(Saved entries)

(* For $k\geq 0$ let $\mathcal{E}_k(x)=\sum_{n=1}^{\infty}e(n)^{k}x^n$ (with $0^0=1$). Then $\mathcal{E}_0(x)=\frac{x}{1-x}$, and for every $k\geq 1$, $$\mathcal{E}_k(x)-\mathcal{E}_k(x^2)-\frac{x^2+1}{x}\,\mathcal{E}_k(x^4)=\sum_{j=0}^{k-1}C(k,j)\left(\mathcal{E}_j(x^2)+\frac{x^2+1}{x}\,\mathcal{E}_j(x^4)\right),$$ where $C(k,j)=\binom{k}{j}$.
   Context: The Stern polynomials $B_n(t)\in\mathbb{Z}[t]$ are defined by $B_0(t)=0$, $B_1(t)=1$, and for $n\geq 1$: $B_{2n}(t)=tB_n(t)$, $B_{2n+1}(t)=B_n(t)+B_{n+1}(t)$. For $n\geq1$ let $e(n)=\deg B_n(t)$. *)

(* Formal power series are represented by their coefficient
   sequences  nat -> int  (coefficient of x^n at index n). *)
From HB Require Import structures.
From mathcomp Require Import all_boot all_order all_algebra.
Set Implicit Arguments. Unset Strict Implicit. Unset Printing Implicit Defensive.
Import GRing.Theory Num.Theory.
Local Open Scope ring_scope.

(* Stern polynomials, computed with fuel: stern_fuel f n = B_n whenever n <= f. *)
Fixpoint stern_fuel (f n : nat) : {poly int} :=
  match f with
  | 0 => 0
  | f'.+1 =>
      if n == 0%N then 0
      else if n == 1%N then 1
      else if odd n then stern_fuel f' n./2 + stern_fuel f' (n./2).+1
      else 'X * stern_fuel f' n./2
  end.

Definition stern (n : nat) : {poly int} := stern_fuel n n.

(* e(n) = deg B_n(t)  (size = degree + 1). *)
Definition e (n : nat) : nat := (size (stern n)).-1.

Definition series := nat -> int.

(* E_k(x) = sum_{n>=1} e(n)^k x^n  (with 0^0 = 1, as for expn). *)
Definition E (k : nat) : series :=
  fun n => if n == 0%N then 0 else ((e n ^ k)%N)%:Z.

Definition x_over_1mx : series := fun n => if n == 0%N then 0 else 1.

Definition subst_pow (d : nat) (a : series) : series :=
  fun m => if (d %| m)%N then a (m %/ d)%N else 0.

(* A(x) |-> ((x^2+1)/x) A(x) = x A(x) + A(x)/x ; this is a power series
   when A has zero constant term (which is the case for A = E_j(x^4)). *)
Definition mul_xpxinv (a : series) : series :=
  fun m => a m.+1 + (if m is m'.+1 then a m' else 0).

From HB Require Import structures.
From mathcomp Require Import all_boot all_order all_algebra zify.
Import GRing.Theory Num.Theory.
Local Open Scope ring_scope.

(* The identity is read coefficientwise.  Write T_j(m) for the coefficient of
   x^m in E_j(x^2) + ((x^2+1)/x) E_j(x^4).  For every m >= 0 exactly one of the
   three series contributes, at index

       parent m  =  m/2 (m even),  (m-1)/4 (m = 4q+1),  (m+1)/4 (m = 4q+3),

   so that T_j(m) = E_j(parent m) for all j.  On the other side the recursion of
   the Stern polynomials gives  e(m) = e(parent m) + 1  whenever parent m > 0;
   this uses that Stern polynomials have nonnegative coefficients (so degrees
   add as maxima) and that consecutive degrees differ by at most one.  Hence,
   with a = e(parent m), the coefficient identity for k >= 1 reads
       (a+1)^k - a^k = sum_{j<k} C(k,j) a^j,
   the binomial theorem, while for parent m = 0 (i.e. m <= 1) both sides vanish. *)

Lemma stern_fuel_stable f g n :
  (n <= f)%N -> (n <= g)%N -> stern_fuel f n = stern_fuel g n.
Proof.
elim: f g n => [|f IH] [|g] n //=; rewrite ?leqn0.
- by move=> /eqP ->.
- by move=> _ /eqP ->.
move=> hf hg; case: ifP => // /negbT n0; case: ifP => // /negbT n1.
have hhalf := odd_double_half n; rewrite -addnn in hhalf.
by case: ifP => on; rewrite on in hhalf; congr (_ _ _); apply: IH; lia.
Qed.

Lemma stern_rec n : stern n =
  if n == 0%N then 0 else if n == 1%N then 1
  else if odd n then stern n./2 + stern (n./2).+1 else 'X * stern n./2.
Proof.
rewrite {1}/stern (@stern_fuel_stable n n.+1 n) //= /stern.
case: ifP => // /negbT n0; case: ifP => // /negbT n1.
have hhalf := odd_double_half n; rewrite -addnn in hhalf.
case: ifP => on; rewrite on in hhalf.
- by rewrite (@stern_fuel_stable n n./2) ?(@stern_fuel_stable n (n./2).+1) //; lia.
- by rewrite (@stern_fuel_stable n n./2) //; lia.
Qed.

Lemma stern_double n : (0 < n)%N -> stern (2 * n) = 'X * stern n.
Proof.
move=> n_gt0; rewrite stern_rec mul2n odd_double doubleK.
by rewrite ifF ?ifF //; apply/negbTE; lia.
Qed.

Lemma stern_double_add1 n : stern (2 * n + 1) = stern n + stern n.+1.
Proof.
rewrite stern_rec ifF; last by apply/negbTE; lia.
have [->|n_gt0] := posnP n; first by rewrite /stern /= add0r.
rewrite ifF; last by apply/negbTE; lia.
by rewrite addn1 mul2n /= odd_double uphalf_double.
Qed.

Section NonnegPoly.
Variable R : numDomainType.

Definition nonneg_poly (p : {poly R}) : Prop := forall i, 0 <= p`_i.

(* No cancellation can occur when adding polynomials with nonnegative
   coefficients, so the degree of a sum is the larger of the two degrees. *)
Lemma size_add_nonneg (p q : {poly R}) :
  nonneg_poly p -> nonneg_poly q -> size (p + q) = maxn (size p) (size q).
Proof.
wlog le_pq : p q / (size q <= size p)%N.
  move=> hwlog hp hq; case/orP: (leq_total (size q) (size p)) => le; first exact: hwlog.
  by rewrite addrC maxnC hwlog.
move=> hp hq; rewrite (maxn_idPl le_pq); apply/anti_leq/andP; split.
  by rewrite -(maxn_idPl le_pq) size_polyD.
have [->|p_neq0] := eqVneq p 0; first by rewrite size_poly0.
have lead_neq0 : (p + q)`_(size p).-1 != 0.
  by rewrite coefD paddr_eq0 // negb_and -lead_coefE lead_coef_eq0 p_neq0.
have := size_poly_gt0 p; rewrite p_neq0 => /prednK <-.
by apply: contraNT lead_neq0; rewrite -leqNgt => /leq_sizeP ->.
Qed.

End NonnegPoly.

Arguments nonneg_poly {R} p.

Lemma stern_nonneg_neq0 n : nonneg_poly (stern n) /\ ((0 < n)%N -> stern n != 0).
Proof.
elim/ltn_ind: n => n IH; rewrite stern_rec.
case: eqP => [->|/eqP n0]; first by split=> // i; rewrite coef0.
case: eqP => [->|/eqP n1]; first by split=> [i|]; rewrite ?oner_neq0 // coef1; case: eqP.
have hhalf := odd_double_half n; rewrite -addnn in hhalf.
have [nn_half neq0_half] := IH n./2 ltac:(lia).
case: ifP => on; rewrite on in hhalf.
- have [nn_next neq0_next] := IH (n./2).+1 ltac:(lia).
  split=> [i|_]; first by rewrite coefD addr_ge0.
  by rewrite -size_poly_gt0 size_add_nonneg // leq_max !size_poly_gt0 neq0_next ?orbT.
- split=> [i|_]; first by rewrite coefXM; case: eqP.
  by rewrite mulf_neq0 ?polyX_eq0 // neq0_half //; lia.
Qed.

Lemma e_0 : e 0 = 0%N. Proof. by rewrite /e /stern /= size_poly0. Qed.
Lemma e_1 : e 1 = 0%N. Proof. by rewrite /e /stern /= size_poly1. Qed.

Lemma e_double n : (0 < n)%N -> e (2 * n) = (e n).+1.
Proof.
move=> n_gt0; have neq0 := (stern_nonneg_neq0 n).2 n_gt0.
rewrite /e stern_double // mulrC size_mulX //.
by move: neq0; rewrite -size_poly_gt0 => /prednK ->.
Qed.

Lemma e_double_add1 n : e (2 * n + 1) = maxn (e n) (e n.+1).
Proof.
rewrite /e stern_double_add1 size_add_nonneg; try exact: (stern_nonneg_neq0 _).1.
by rewrite -!subn1 subn_maxl.
Qed.

Lemma e_succ_bounds n : (e n.+1 <= (e n).+1 /\ e n <= (e n.+1).+1)%N.
Proof.
elim/ltn_ind: n => n IH.
have hhalf := odd_double_half n; rewrite -addnn in hhalf.
move: hhalf; case: (boolP (odd n)) => on /=; set j := n./2 => hhalf.
-
  have [hi lo] := IH j ltac:(lia).
  have -> : n = (2 * j + 1)%N by lia.
  have -> : (2 * j + 1).+1 = (2 * j.+1)%N by lia.
  rewrite e_double // e_double_add1; lia.
-
  have [j0|j_gt0] := posnP j.
    have -> : n = 0%N by lia.
    by rewrite e_0 e_1.
  have [hi lo] := IH j ltac:(lia).
  have -> : n = (2 * j)%N by lia.
  rewrite -addn1 e_double_add1 e_double //; lia.
Qed.

Lemma e_4n1 n : (0 < n)%N -> e (4 * n + 1) = (e n).+1.
Proof.
move=> n_gt0; have -> : (4 * n + 1 = 2 * (2 * n) + 1)%N by lia.
rewrite e_double_add1 e_double ?muln_gt0 // -(addn1 (2 * n)) e_double_add1.
have := e_succ_bounds n; lia.
Qed.

Lemma e_4n3 n : e (4 * n + 3) = (e n.+1).+1.
Proof.
have -> : (4 * n + 3 = 2 * (2 * n + 1) + 1)%N by lia.
rewrite e_double_add1 e_double_add1.
have -> : (2 * n + 1).+1 = (2 * n.+1)%N by lia.
rewrite e_double //.
have := e_succ_bounds n; lia.
Qed.

(* The index whose coefficient feeds x^m in E_j(x^2) + ((x^2+1)/x) E_j(x^4):
   m/2 for m even, (m-1)/4 for m = 4q+1 and (m+1)/4 for m = 4q+3. *)
Definition parent (m : nat) : nat :=
  if odd m then (if m %% 4 == 1 then m %/ 4 else (m %/ 4).+1)%N else m./2.

Variant parent_spec (m : nat) : nat -> Prop :=
  | ParentEven n of m = (2 * n)%N : parent_spec m n
  | Parent4n1 q of m = (4 * q + 1)%N : parent_spec m q
  | Parent4n3 q of m = (4 * q + 3)%N : parent_spec m q.+1.

Lemma parentP m : parent_spec m (parent m).
Proof.
rewrite /parent; case: ifP => om; last by apply: ParentEven; lia.
by case: eqP => r; [apply: Parent4n1 | apply: Parent4n3]; lia.
Qed.

Lemma subst_pow_mul d (a : series) m : (0 < d)%N -> subst_pow d a (d * m)%N = a m.
Proof. by move=> d_gt0; rewrite /subst_pow dvdn_mulr // mulKn. Qed.

Lemma subst_pow_ndvd d (a : series) m : ~~ (d %| m)%N -> subst_pow d a m = 0.
Proof. by rewrite /subst_pow => /negbTE ->. Qed.

Definition E_lift (j : nat) : series :=
  fun m => subst_pow 2 (E j) m + mul_xpxinv (subst_pow 4 (E j)) m.

Lemma mul_xpxinv_pos (a : series) m :
  (0 < m)%N -> mul_xpxinv a m = a m.+1 + a m.-1.
Proof. by case: m. Qed.

Lemma E_lift_parent j m : E_lift j m = E j (parent m).
Proof.
rewrite /E_lift; case: parentP => [[|n]|q|q] -> //.
- rewrite mul_xpxinv_pos // subst_pow_mul // !subst_pow_ndvd ?addr0 //; lia.
- rewrite mul_xpxinv_pos ?addn1 // subst_pow_ndvd; last by lia.
  have -> : (4 * q).+1.-1 = (4 * q)%N by [].
  by rewrite subst_pow_mul // subst_pow_ndvd ?add0r //; lia.
- rewrite mul_xpxinv_pos ?addn3 // subst_pow_ndvd; last by lia.
  have -> : (4 * q).+3.+1 = (4 * q.+1)%N by lia.
  by rewrite subst_pow_mul // subst_pow_ndvd ?add0r ?addr0 //; lia.
Qed.

Lemma e_parent m : (0 < parent m)%N -> e m = (e (parent m)).+1.
Proof. by case: parentP => [n|q|q] -> p_gt0; [exact: e_double|exact: e_4n1|exact: e_4n3]. Qed.

Lemma parent_eq0 m : parent m = 0%N -> (m <= 1)%N.
Proof. by case: parentP => [n|q|q] -> // ->. Qed.

Lemma E_pos j n : (0 < n)%N -> E j n = (e n)%:Z ^+ j.
Proof. by case: n => // n _; rewrite /E -!natz natrX. Qed.

Lemma sum_binomial_lower (R : pzRingType) (x : R) k :
  \sum_(j < k) 'C(k, j)%:R * x ^+ j = (x + 1) ^+ k - x ^+ k.
Proof.
rewrite exprD1n big_ord_recr /= binn mulr1n addrK.
by apply: eq_bigr => j _; rewrite mulr_natl.
Qed.

Theorem mainTheorem19 :
  (forall n : nat, E 0 n = x_over_1mx n) /\
  (forall k : nat, (1 <= k)%N -> forall m : nat,
     E k m - subst_pow 2 (E k) m - mul_xpxinv (subst_pow 4 (E k)) m
     = \sum_(j < k) ('C(k, j))%:R
          * (subst_pow 2 (E j) m + mul_xpxinv (subst_pow 4 (E j)) m)).
Proof.
split=> [n|k k_gt0 m]; first by rewrite /E /x_over_1mx expn0.
rewrite -addrA -opprD -/(E_lift k m) E_lift_parent.
under eq_bigr => j _ do rewrite -/(E_lift j m) E_lift_parent.
have [p0|p_gt0] := posnP (parent m).
-
  have E_m : E k m = 0.
    have : m = 0%N \/ m = 1%N by have := parent_eq0 m p0; lia.
    by case=> ->; rewrite /E // e_1 exp0n.
  by rewrite p0 E_m subr0 big1 // => j _; rewrite mulr0.
- (* with a = e(parent m): (a+1)^k - a^k = sum_{j<k} C(k,j) a^j *)
  have m_gt0 : (0 < m)%N by case: m p_gt0.
  rewrite (E_pos k m m_gt0) (E_pos k _ p_gt0) e_parent //.
  under eq_bigr => j _ do rewrite (E_pos j _ p_gt0).
  by rewrite sum_binomial_lower -addn1 PoszD.
Qed.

## WHAT IS BEING ASKED
The lines above from the one with "Definition E_lift (j" through the one with "Proof. by case: m. Qed." are to be duplicated exactly, ends included, with nothing added.

## EXERCISE ANSWER
Definition E_lift (j : nat) : series :=
  fun m => subst_pow 2 (E j) m + mul_xpxinv (subst_pow 4 (E j)) m.

Lemma mul_xpxinv_pos (a : series) m :
  (0 < m)%N -> mul_xpxinv a m = a m.+1 + a m.-1.
Proof. by case: m. Qed.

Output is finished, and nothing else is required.